I will not memorialize that we let cowards win on 9/11, that we readily gave up liberty and freedom in the name of security. Where once we had due process and rights, we now have suspension of habeas corpus and imprisonment without charge, counsel, and hope of our day in court. We have assassination orders against American citizens, “freedom of speech zones”, and warrantless wiretaps.
I will not memorialize that the bravery of those who died on 9/11 is sullied by those, both foreign and domestic, who would exploit those sacrifices for personal gain.
I will not memorialize that what was attacked on 9/11 is precisely what we readily gave up: freedom and liberty; tolerance and inclusiveness; understanding; integrity and honor; and a belief that what we were was better than, and worth defending against, what we have become.
I will not memorialize that 9/11 was used to justify an unjust war, that it was the catalyst to stir an aching populace into a rabid mob bent on blind revenge instead of justice.
I will not memorialize that what was lost on 9/11 was our sense of fairness, decency and respect.
I will not memorialize that the most horrific terrorist attack on U.S. soil now serves as fodder in the cannons—and canons—of hate, that we use it to inflame and incite rather than to teach and to mold, that we look upon it as proof that we must despise and distrust “all of those people” rather than evidence proving that extremist minorities are the enemy, and that we use it as a foundation for our own vengeance rather than as proof that we were on the right road to begin with.

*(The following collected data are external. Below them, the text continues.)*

(* Let $I_n:=\iint_T \frac{(-\ln xy)^n}{xy}\,dx\,dy$. Then $I_n\sim 2\,n!$ as $n\to\infty$. More precisely, for every fixed integer $K\ge1$, \[ \frac{I_n}{n!}=\sum_{j=1}^{K}\binom{2j}{j}\frac{1}{j^{\,n+2}} + O\!\left((K+1)^{-n}\right)\qquad(n\to\infty), \] i.e. $I_n/n!\approx 2+\frac{6}{2^{n+2}}+\frac{20}{3^{n+2}}+\frac{70}{4^{n+2}}+\cdots$.
   Context: $T:=\{(x,y)\in[0,1]^2 : x+y\ge 1\}$. *)

From Stdlib Require Import Reals Lra Arith Factorial.
Open Scope R_scope.

Definition integrand (n : nat) (x y : R) : R :=
  (- ln (x * y)) ^ n / (x * y).

Definition is_RInt (f : R -> R) (a b v : R) : Prop :=
  exists pr : Riemann_integrable f a b, RiemannInt pr = v.

Definition is_improper_int01 (g : R -> R) (v : R) : Prop :=
  forall eps : R, 0 < eps -> exists delta : R, 0 < delta /\
    forall a b : R, 0 < a < delta -> 1 - delta < b < 1 ->
      exists pr : Riemann_integrable g a b, Rabs (RiemannInt pr - v) < eps.

(* v = iint_T integrand n, T = {(x,y) in [0,1]^2 : x + y >= 1}, computed as the
   iterated integral  int_0^1 ( int_{1-x}^1 integrand n x y dy ) dx  (improper
   in x at both endpoints; the inner integral is proper for 0 < x < 1). *)
Definition is_I (n : nat) (v : R) : Prop :=
  exists g : R -> R,
    (forall x, 0 < x < 1 -> is_RInt (integrand n x) (1 - x) 1 (g x)) /\
    is_improper_int01 g v.

(* sum_{j=1}^K binom(2j,j) / j^(n+2)   (for K >= 1) *)
Definition partial_sum (K n : nat) : R :=
  sum_f_R0 (fun i => C (2 * (i + 1)) (i + 1) / (INR (i + 1)) ^ (n + 2)) (K - 1).

(* For 0 < x < 1 the inner integral is
     g_n(x) = ((-ln (x (1 - x)))^(n+1) - (-ln x)^(n+1)) / ((n+1) x).
   Folding (0, 1) at 1/2, g_n(x) + g_n(1 - x) is, up to the derivative of an explicit W_n
   with W_n(x) -> 0 as x -> 0, the kernel 2 (-ln (1 - x)) (-ln u)^n (1 - 2x) / u, u = x (1 - x).
   The integrals of this nonnegative kernel over [c, 1/2] increase as c -> 0 and stay bounded,
   which gives the improper integral.  Since 1 - 2x = sqrt (1 - 4u),
     -2 ln (1 - x) = sum_(j >= 1) binom(2j, j) u^j / j,
   and truncating after K terms costs O(u^(K+1)).  Substituting u = x (1 - x), the j-th term
   contributes binom(2j, j)/j * int_0^(1/4) u^(j-1) (-ln u)^n du = binom(2j, j) n! / j^(n+2) - O(3^n),
   while the truncation error is O(n! / (K+1)^(n+1)); all O(3^n) terms are o(n! / (K+1)^n). *)

From Pilot Require Import Defs.
From Stdlib Require Import Reals Lra Lia Arith Factorial Classical_Prop.
From Coquelicot Require Import Coquelicot.
Open Scope R_scope.

(* [auto_derive] unfolds [INR (S n)] into its defining match; fold it back. *)
Ltac fold_INR_S := repeat match goal with
  |- context [match ?n with 0%nat => 1 | S _ => INR ?n + 1 end] =>
    change (match n with 0%nat => 1 | S _ => INR n + 1 end) with (INR (S n)) end.

(* Coquelicot often leaves equalities stated in a structure carrier convertible to [R];
   restating them in [R] lets [ring] and [field] recognise them. *)
Ltac req := match goal with |- ?a = ?b => change (@eq R a b) end.

Lemma is_RInt_derive_R (f df : R -> R) a b :
  (forall x, Rmin a b <= x <= Rmax a b -> is_derive f x (df x)) ->
  (forall x, Rmin a b <= x <= Rmax a b -> continuous df x) ->
  is_RInt df a b (f b - f a).
Proof. exact (is_RInt_derive (V := R_CompleteNormedModule) f df a b). Qed.

Lemma ex_RInt_continuous_R (f : R -> R) a b :
  (forall z, Rmin a b <= z <= Rmax a b -> continuous f z) -> ex_RInt f a b.
Proof. exact (ex_RInt_continuous (V := R_CompleteNormedModule) f a b). Qed.

Lemma ex_derive_continuous_R (f : R -> R) x : ex_derive f x -> continuous f x.
Proof. exact (ex_derive_continuous f x). Qed.

Lemma continuity_pt_of_is_derive (f : R -> R) x l : is_derive f x l -> continuity_pt f x.
Proof.
  intros H. apply continuity_pt_filterlim, ex_derive_continuous_R. exists l; exact H.
Qed.

Lemma is_derive_Rmult (f g : R -> R) x df dg : is_derive f x df -> is_derive g x dg ->
  is_derive (fun t => f t * g t) x (df * g x + f x * dg).
Proof. intros H1 H2. exact (is_derive_mult f g x df dg H1 H2 Rmult_comm). Qed.

Lemma is_derive_sum_f_R0 (F dF : nat -> R -> R) k x :
  (forall i, (i <= k)%nat -> is_derive (F i) x (dF i x)) ->
  is_derive (fun t => sum_f_R0 (fun i => F i t) k) x (sum_f_R0 (fun i => dF i x) k).
Proof.
  induction k; intros H; simpl.
  - apply H. lia.
  - apply (is_derive_plus (fun t => sum_f_R0 (fun i => F i t) k) (F (S k))).
    + apply IHk. intros; apply H; lia.
    + apply H; lia.
Qed.

Lemma continuous_sum_f_R0 (F : nat -> R -> R) k x :
  (forall i, (i <= k)%nat -> continuous (F i) x) ->
  continuous (fun t => sum_f_R0 (fun i => F i t) k) x.
Proof.
  induction k; intros H; simpl.
  - apply H. lia.
  - apply (continuous_plus (fun t => sum_f_R0 (fun i => F i t) k) (F (S k))).
    + apply IHk. intros; apply H; lia.
    + apply H; lia.
Qed.

Lemma INR_S_pos n : 0 < INR (S n).
Proof. apply lt_0_INR; lia. Qed.

Lemma INR_ge_1 m : (1 <= m)%nat -> 1 <= INR m.
Proof. intros h. apply (le_INR 1 m) in h. simpl in h. lra. Qed.

Lemma pow_le_1 x m : 0 <= x <= 1 -> 0 <= x ^ m <= 1.
Proof. intros h. split; [apply pow_le; lra|]. rewrite <- (pow1 m). apply pow_incr; lra. Qed.

Lemma ln_le_sub_1 y : 0 < y -> ln y <= y - 1.
Proof. intros h. generalize (exp_ineq1_le (ln y)). rewrite exp_ln by lra. lra. Qed.

Lemma opp_ln_nonneg x : 0 < x <= 1 -> 0 <= - ln x.
Proof. intros h. assert (ln x <= ln 1) by (apply ln_le; lra). rewrite ln_1 in H. lra. Qed.

Lemma opp_ln_half_le_1 : 0 <= - ln (1/2) <= 1.
Proof.
  split; [apply opp_ln_nonneg; lra|].
  replace (1/2) with (/ 2) by lra. rewrite ln_Rinv by lra.
  generalize (ln_le_sub_1 2 ltac:(lra)). lra.
Qed.

Lemma opp_ln_1_minus_le x : 0 < x <= 1/2 -> 0 <= - ln (1 - x) <= 2 * x.
Proof.
  intros h. split; [apply opp_ln_nonneg; lra|].
  assert (H : ln (/ (1 - x)) <= / (1 - x) - 1)
    by (apply ln_le_sub_1, Rinv_0_lt_compat; lra).
  rewrite ln_Rinv in H by lra.
  assert (/ (1 - x) <= 1 + 2 * x); [|lra].
  apply (Rmult_le_reg_l (1 - x)); [lra|]. rewrite Rinv_r by lra. nra.
Qed.

Lemma pow_le_fact_mul_exp y m : 0 <= y -> y ^ m <= INR (fact m) * exp y.
Proof.
  intros h. assert (hf := INR_fact_lt_0 m).
  assert (H : y ^ m / INR (fact m) <= exp y).
  { eapply Rle_trans; [|apply (exp_ge_taylor y m h)].
    destruct m; [simpl; lra|]. rewrite tech5.
    enough (0 <= sum_f_R0 (fun k => y ^ k / INR (fact k)) m) by lra.
    apply cond_pos_sum. intros k. apply Rmult_le_pos; [apply pow_le; auto|].
    apply Rlt_le, Rinv_0_lt_compat, INR_fact_lt_0. }
  apply (Rmult_le_compat_l (INR (fact m))) in H; [|lra].
  replace (INR (fact m) * (y ^ m / INR (fact m))) with (y ^ m) in H by (field; lra). exact H.
Qed.

(* Writing x = e^c e^(-y) with y = c - ln x, this is y^(m+1) <= (m+1)! e^y. *)
Lemma mul_opp_ln_pow_le c m x : 0 < x -> 0 <= c + - ln x ->
  x * (c + - ln x) ^ m * (c + - ln x) <= exp c * INR (fact (S m)).
Proof.
  intros hx hy. set (y := c + - ln x) in *.
  assert (hxe : x = exp c / exp y).
  { unfold Rdiv. rewrite <- exp_Ropp, <- exp_plus. unfold y.
    replace (c + - (c + - ln x)) with (ln x) by ring. rewrite exp_ln; lra. }
  assert (H := pow_le_fact_mul_exp y (S m) hy).
  assert (hey := exp_pos y). assert (hec := exp_pos c).
  rewrite hxe. replace (exp c / exp y * y ^ m * y) with (exp c / exp y * y ^ S m) by (simpl; ring).
  apply (Rmult_le_reg_l (exp y / exp c)); [apply Rdiv_lt_0_compat; lra|].
  replace (exp y / exp c * (exp c / exp y * y ^ S m)) with (y ^ S m) by (field; lra).
  replace (exp y / exp c * (exp c * INR (fact (S m)))) with (INR (fact (S m)) * exp y)
    by (field; lra).
  exact H.
Qed.

Lemma mul_opp_ln_pow_small c m eps : 0 <= c -> 0 < eps ->
  exists d, 0 < d <= 1 /\ forall x, 0 < x < d -> x * (c + - ln x) ^ m < eps.
Proof.
  intros hc he.
  set (Y := exp c * INR (fact (S m)) / eps).
  assert (hY : 0 < Y).
  { apply Rdiv_lt_0_compat; [apply Rmult_lt_0_compat; [apply exp_pos|apply INR_fact_lt_0]|lra]. }
  exists (Rmin 1 (exp (- Y))). split.
  { split; [apply Rmin_glb_lt; [lra|apply exp_pos]|apply Rmin_l]. }
  intros x [hx0 hx1].
  assert (hlnx : Y < - ln x).
  { assert (ln x < ln (exp (- Y))) by (apply ln_increasing; [lra|]; eapply Rlt_le_trans; [apply hx1|apply Rmin_r]).
    rewrite ln_exp in H. lra. }
  assert (H := mul_opp_ln_pow_le c m x hx0 ltac:(lra)).
  assert (hYe : exp c * INR (fact (S m)) = Y * eps) by (unfold Y; field; lra).
  apply (Rmult_lt_reg_r (c + - ln x)); [lra|]. nra.
Qed.

Lemma pow_add_sub_pow_le A B m : 0 <= A -> 0 <= B ->
  (A + B) ^ S m - A ^ S m <= INR (S m) * B * (A + B) ^ m.
Proof.
  intros hA hB. induction m.
  - simpl. lra.
  - set (P := A + B) in *.
    assert (hAP : A ^ S m <= P ^ S m) by (apply pow_incr; unfold P; lra).
    assert (hstep : P ^ S (S m) - A ^ S (S m) = P * (P ^ S m - A ^ S m) + B * A ^ S m)
      by (simpl; unfold P; ring).
    assert (P * (P ^ S m - A ^ S m) <= P * (INR (S m) * B * P ^ m))
      by (apply Rmult_le_compat_l; [unfold P; lra|exact IHm]).
    assert (B * A ^ S m <= B * P ^ S m) by (apply Rmult_le_compat_l; lra).
    rewrite hstep, S_INR. rewrite <- (tech_pow_Rmult P m) in *. nra.
Qed.

(** * The inner integral and the fold at 1/2 *)

Definition inner_int (n : nat) (x : R) : R :=
  ((- ln (x * (1 - x))) ^ S n - (- ln x) ^ S n) / (INR (S n) * x).

Lemma inner_int_is_RInt n x : 0 < x < 1 ->
  Defs.is_RInt (integrand n x) (1 - x) 1 (inner_int n x).
Proof.
  intros [h0 h1]. assert (HS := INR_S_pos n).
  set (F := fun y => - (- ln (x * y)) ^ S n / (INR (S n) * x)).
  assert (HD : forall y, 0 < y -> is_derive F y (integrand n x y)).
  { intros y hy. unfold F. auto_derive; [apply Rmult_lt_0_compat; lra|].
    fold_INR_S. unfold integrand. field.
    repeat split; try lra; apply Rgt_not_eq, Rmult_lt_0_compat; lra. }
  assert (HC : forall y, 0 < y -> continuous (integrand n x) y).
  { intros y hy. apply ex_derive_continuous_R. unfold integrand. auto_derive.
    repeat split; try lra; try (apply Rmult_lt_0_compat; lra);
      apply Rgt_not_eq, Rmult_lt_0_compat; lra. }
  assert (Hint : is_RInt (integrand n x) (1 - x) 1 (F 1 - F (1 - x))).
  { apply is_RInt_derive_R; intros y hy;
      rewrite Rmin_left, Rmax_right in hy by lra; [apply HD|apply HC]; lra. }
  exists (ex_RInt_Reals_0 _ _ _ (ex_intro _ _ Hint)).
  rewrite <- RInt_Reals, (is_RInt_unique _ _ _ _ Hint).
  unfold F, inner_int. rewrite Rmult_1_r. field. lra.
Qed.

Lemma inner_int_continuous n x : 0 < x < 1 -> continuous (inner_int n) x.
Proof.
  intros hx. assert (HS := INR_S_pos n). apply ex_derive_continuous_R.
  unfold inner_int. auto_derive. fold_INR_S.
  repeat split; try lra; try nra; apply Rgt_not_eq, Rmult_lt_0_compat; lra.
Qed.

Lemma inner_int_reflect_continuous n x : 0 < x < 1 ->
  continuous (fun y => inner_int n (1 - y)) x.
Proof.
  intros hx. assert (HS := INR_S_pos n). apply ex_derive_continuous_R.
  unfold inner_int. auto_derive. fold_INR_S.
  repeat split; try lra; try nra; apply Rgt_not_eq, Rmult_lt_0_compat; lra.
Qed.

Lemma ex_RInt_inner_int n a b : 0 < a -> a <= b -> b < 1 -> ex_RInt (inner_int n) a b.
Proof.
  intros h1 h2 h3. apply ex_RInt_continuous_R. intros z hz.
  rewrite Rmin_left, Rmax_right in hz by lra. apply inner_int_continuous; lra.
Qed.

Lemma inner_int_nonneg n x : 0 < x < 1 -> 0 <= inner_int n x.
Proof.
  intros hx. unfold inner_int.
  assert (- ln x <= - ln (x * (1 - x))) by (assert (ln (x * (1 - x)) <= ln x) by (apply ln_le; nra); lra).
  assert ((- ln x) ^ S n <= (- ln (x * (1 - x))) ^ S n)
    by (apply pow_incr; split; [apply opp_ln_nonneg; lra|lra]).
  apply Rdiv_le_0_compat; [lra|]. apply Rmult_lt_0_compat; [apply INR_S_pos|lra].
Qed.

Lemma RInt_inner_int_nonneg n a b : 0 < a <= b -> b < 1 -> 0 <= RInt (inner_int n) a b.
Proof.
  intros h1 h2. apply RInt_ge_0; [lra|apply ex_RInt_inner_int; lra|].
  intros x hx. apply inner_int_nonneg; lra.
Qed.

Lemma RInt_inner_int_Chasles n a b c : 0 < a <= b -> b <= c -> c < 1 ->
  RInt (inner_int n) a b + RInt (inner_int n) b c = RInt (inner_int n) a c.
Proof.
  intros h1 h2 h3.
  exact (RInt_Chasles (V := R_CompleteNormedModule) (inner_int n) a b c
           ltac:(apply ex_RInt_inner_int; lra) ltac:(apply ex_RInt_inner_int; lra)).
Qed.

Lemma RInt_inner_int_reflect n c : 0 < c <= 1/2 ->
  RInt (fun y => inner_int n (1 - y)) c (1/2) = RInt (inner_int n) (1/2) (1 - c).
Proof.
  intros hc.
  assert (Hex : ex_RInt (fun y => inner_int n (1 - y)) c (1/2)).
  { apply ex_RInt_continuous_R. intros z hz. rewrite Rmin_left, Rmax_right in hz by lra.
    apply inner_int_reflect_continuous; lra. }
  assert (H := RInt_comp_lin (inner_int n) (-1) 1 c (1/2)).
  replace (-1 * c + 1) with (1 - c) in H by ring.
  replace (-1 * (1/2) + 1) with (1/2) in H by field.
  specialize (H ltac:(apply ex_RInt_swap, ex_RInt_inner_int; lra)).
  assert (Hl : RInt (fun y => scal (-1) (inner_int n (-1 * y + 1))) c (1/2)
               = - RInt (fun y => inner_int n (1 - y)) c (1/2)).
  { transitivity (RInt (fun y => - inner_int n (1 - y)) c (1/2)).
    - apply RInt_ext. intros x _. replace (-1 * x + 1) with (1 - x) by ring.
      change (-1 * inner_int n (1 - x) = - inner_int n (1 - x)). ring.
    - exact (RInt_opp (V := R_CompleteNormedModule) _ _ _ Hex). }
  assert (Hr : RInt (inner_int n) (1 - c) (1/2) = - RInt (inner_int n) (1/2) (1 - c))
    by exact (eq_sym (opp_RInt_swap (V := R_CompleteNormedModule) (inner_int n) (1/2) (1 - c)
                        ltac:(apply ex_RInt_inner_int; lra))).
  assert (H' : RInt (fun y => scal (-1) (inner_int n (-1 * y + 1))) c (1/2)
                = RInt (inner_int n) (1 - c) (1/2)) by exact H.
  rewrite Hl, Hr in H'. lra.
Qed.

I will not memorialize that the horror of that day now justifies intolerance and bigotry, that we readily cast aside our American ideals in the name of blaming all of Islam for the act of a radical few even while we do not blame all Christians for the atrocities in Uganda or the bloodshed in Northern Ireland, that we do not blame all Germans for the Holocaust, and that we do not blame Americans for the continued support of homophobic sentiments and violence around the globe.
No, I will not memorialize cowards, them or us. I will not celebrate in a morbid dance of memories the loss of life and liberty. I will not proclaim my devout patriotism by waving a flag in the face of history as though this is the same country it once was. I will not pretend as though we didn’t let them win that day.
I will instead remember the dear friends I lost in Washington D.C. and New York. I will remember the sacrifice of those innocently caught in the tragedy and those who died trying to save them. I will remember the loss of military personnel and civilians in Iraq who should never have been put in harm’s way by our sightless lust to get back at someone, anyone. I will remember that “everything changed that day” only because we let it, not because it had to. And most importantly, I will remember the country I lived in on 9/10/2001, a country worth defending, a country worth returning to, a country to be proud of.